An open API service indexing awesome lists of open source software.

https://github.com/gares95/data-warehouse_aws-redshift

Building an ETL pipeline for a database hosted on Redshift. Project based on Udacity's template.
https://github.com/gares95/data-warehouse_aws-redshift

aws-redshift data-warehouse redshift udacity-nanodegree

Last synced: about 8 hours ago
JSON representation

Building an ETL pipeline for a database hosted on Redshift. Project based on Udacity's template.

Awesome Lists containing this project

README

          

# Data Warehouse with AWS Redshift
***
This project includes files to create and define tables for a database with a star schema by data modeling, and also to build an ETL pipeline for a database in Redshift.

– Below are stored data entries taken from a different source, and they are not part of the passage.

Theorem proposition4p5 (G : AbsGroup) (Gn : nat -> G -> Prop)
  (Hsub : forall n, is_subgrp (Gn n))
  (Hnormal : forall n, is_normal_sub (Gn n))
  (Hfin : forall n, finite_index (Gn n))
  (Hdecr : forall n g, Gn n.+1 g -> Gn n g)
  (Hfree : free_action Gn) :
  (forall (n p : nat) (e : 'I_p -> G), is_coset_reps (Gn n) p e ->
     exists phi : (Odo Gn -> Odo Gn) -> ('I_p -> G) * {perm 'I_p},
       (forall s t : Odo Gn -> Odo Gn, in_TFGn n s -> in_TFGn n t -> in_TFGn n (fun x => s (t x))) /\
       (forall s : Odo Gn -> Odo Gn, in_TFGn n s -> wreath_mem (Gn n) (phi s)) /\
       (forall s t : Odo Gn -> Odo Gn, in_TFGn n s -> in_TFGn n t ->
          phi (fun x => s (t x)) = wreath_mul (phi s) (phi t)) /\
       (forall s t : Odo Gn -> Odo Gn, in_TFGn n s -> in_TFGn n t -> phi s = phi t -> s = t) /\
       (forall w, wreath_mem (Gn n) w -> exists s, in_TFGn n s /\ phi s = w) /\
       (forall s : Odo Gn -> Odo Gn, in_TFGn n s -> forall (i : 'I_p) (x : Odo Gn),
          sval x n = odo_coset (Gn n) (e i) ->
          sval (s x) n = odo_coset (Gn n) (e ((phi s).2 i)))) /\
  (forall n (s : Odo Gn -> Odo Gn), in_TFGn n s -> in_TFGn n.+1 s) /\
  (forall s : Odo Gn -> Odo Gn, in_TFG s -> exists n, in_TFGn n s).
Proof.
split; [move=> n p e He | split].
- exists (wreath_coord Hsub Hdecr n p e He).
  split; last split; last split; last split; last split.
  + exact: in_TFGn_comp.
  + exact: wreath_coord_mem.
  + exact: wreath_coord_comp.
  + exact: wreath_coord_inj.
  + exact: wreath_coord_surj.
  + exact: wreath_coord_atom.
- exact: in_TFGn_succ.
- move=> s TFGs; have [n tr] := in_TFG_piecewise_translation Hsub Hfin TFGs.
  exists n; apply/(in_TFGnP Hsub Hdecr Hfree); split=> //.
  by case: TFGs => [[t [st [ts _]]] _]; exists t.
Qed.
(* The key observation is that the map r_N : N (x)_A C -> N (x)_A C,
   n (x) c |-> n (x) e_(1) delta(e_(2) (x) c), is the identity.  Indeed, the
   cointegral identity (C (x) delta)(Delta (x) C) = (delta (x) C)(C (x) Delta)
   applied to e (x) c gives  e_(1) delta(e_(2) (x) c) = delta(e (x) c_(1)) c_(2),
   the Frobenius property turns this into eps(c_(1)) c_(2), and the counit law
   makes it c.  Once r_N = id, every comodule morphism h is its own lift along
   r_N, which is exactly formal smoothness and cosmoothness. *)
From mathcomp Require Import all_boot all_order all_algebra.
From Stdlib Require Import ClassicalEpsilon FunctionalExtensionality PropExtensionality ProofIrrelevance.
Set Implicit Arguments. Unset Strict Implicit. Unset Printing Implicit Defensive.
Import GRing.Theory.
Local Open Scope ring_scope.

Section TensorClasses.
Variables (A : pzRingType) (M : rdata A) (N : bdata A).

Lemma tcl_teq (s t : seq (M * N)) : teq s t -> tcl s = tcl t.
Proof.
move=> st.
have classes_eq : teq s = teq t.
  apply: functional_extensionality => u; apply: propositional_extensionality.
  by split=> [su | tu]; [apply: teq_trans (teq_sym st) su | apply: teq_trans st tu].
rewrite /tcl; apply: eq_sig_hprop => // P p q; exact: proof_irrelevance.
Qed.

Lemma tcl_trep (x : tcar M N) : tcl (trep x) = x.
Proof.
case: x => P HP; rewrite /trep /=.
case: (constructive_indefinite_description _ HP) => s Hs /=.
subst P; rewrite /tcl; congr exist; exact: proof_irrelevance.
Qed.

Lemma trep_tcl (s : seq (M * N)) : teq (trep (tcl s)) s.
Proof.
rewrite /trep; case: (constructive_indefinite_description _ _) => t /= Ht.
by apply: teq_sym; rewrite Ht; exact: teq_refl.
Qed.

Lemma tadd_tcl (s t : seq (M * N)) : tadd (tcl s) (tcl t) = tcl (s ++ t).
Proof. by apply: tcl_teq; apply: teq_cat; exact: trep_tcl. Qed.

Lemma sum_tmul (s : seq (M * N)) :
  foldr (fun p acc => tadd (tmul p.1 p.2) acc) (tzero M N) s = tcl s.
Proof. by elim: s => [//|[m n] s IH] /=; rewrite IH /tmul tadd_tcl. Qed.

Lemma tfold_tmul (x : tcar M N) : tfold (@tadd A M N) (tzero M N) (@tmul A M N) x = x.
Proof. by rewrite /tfold sum_tmul tcl_trep. Qed.

Lemma eq_tfold (G : Type) (gadd : G -> G -> G) (g0 : G) (phi psi : M -> N -> G)
  (x : tcar M N) :
  (forall m n, phi m n = psi m n) -> tfold gadd g0 phi x = tfold gadd g0 psi x.
Proof. by move=> phi_psi; rewrite /tfold; elim: (trep x) => //= p s ->; rewrite phi_psi. Qed.
End TensorClasses.

Lemma idempotent_zero (T : Type) (add : T -> T -> T) (z : T) (opp : T -> T) (x : T) :
  (forall x y w, add x (add y w) = add (add x y) w) ->
  (forall x, add z x = x) -> (forall x, add (opp x) x = z) ->
  x = add x x -> x = z.
Proof.
move=> addA add0 addNx xx.
have : add (opp x) x = add (opp x) (add x x) by rewrite -xx.
by rewrite addA addNx add0 => <-.
Qed.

This repository simulates the creation of an ETL pipeline for a music streaming startup whose data resides in S3 and want to transform it into a set of dimensional tables for their analytics team.

The data is extracted from JSON logs in S3 buckets in AWS where the clients have been loading all the information they've collected over some time. This data will be processed to allow the clients to **analyze** and to **extract new relevant information** which can help their decision-making process on future options regarding marketing, store availability...
Having this information available with queries is a powerful tool that will give the client plenty of flexibility.

The files that include this project are:

* create_tables.py
* sql_queries.py
* etl.py
* dwh.cfg
* Redshift_Management.ipynb

## Data Files
***
The datasets used for this project that reside in S3 are:
- Song data: s3://udacity-dend/song_data
- Log data: s3://udacity-dend/log_data

### Song Dataset
The first dataset is a subset of real data from the Million Song Dataset. Each file is in JSON format and contains metadata about a song and the artist of that song. The files are partitioned by the first three letters of each song's track ID. Here is an example of a filepath: _"song_data/A/B/C/TRABCEI128F424C983.json"_
And here is an example of one of the json files: _{"num_songs": 1, "artist_id": "ARJIE2Y1187B994AB7", "artist_latitude": null, "artist_longitude": null, "artist_location": "", "artist_name": "Line Renaud", "song_id": "SOUPIRU12A6D4FA1E1", "title": "Der Kleine Dompfaff", "duration": 152.92036, "year": 0}_

### Log Dataset
The second dataset consists of log files in JSON format generated by this _event simulator_ based on the songs in the dataset above. These simulate activity logs from a music streaming app based on specified configurations.
Here is an example of a filepath: _"log_data/2018/11/2018-11-12-events.json"_
And here is an example of a json file for these events: _{"artist": "None", "auth": "Logged In", "gender": "F", "itemInSession": 0, "lastName": "Williams", "length": "227.15873", "level": "free", "location": "Klamath Falls OR", "method": "GET", "page": "Home", "registration": "1.541078e-12", "sessionId": "438", "Song": "None", "status": "200", "ts": "15465488945234", "userAgent": "Mozilla/5.0(WindowsNT,6.1;WOW641)", "userId": "53"}_

### The star schema tables
The star schema that is going to be created using this program will have the next structure:

- _Fact table_:
1. songplays [songplay_id, start_time, user_id, level, song_id, artist_id, session_id, location, user_agent]

- _Dimension tables_:
2. users [user_id, first_name, last_name, gender, level]
3. songs [song_id, title, artist_id, year, duration]
4. artist [artist_id, name, location, lattitude, longitude]
5. time [start_time, hour, day, week, month, year, weekday]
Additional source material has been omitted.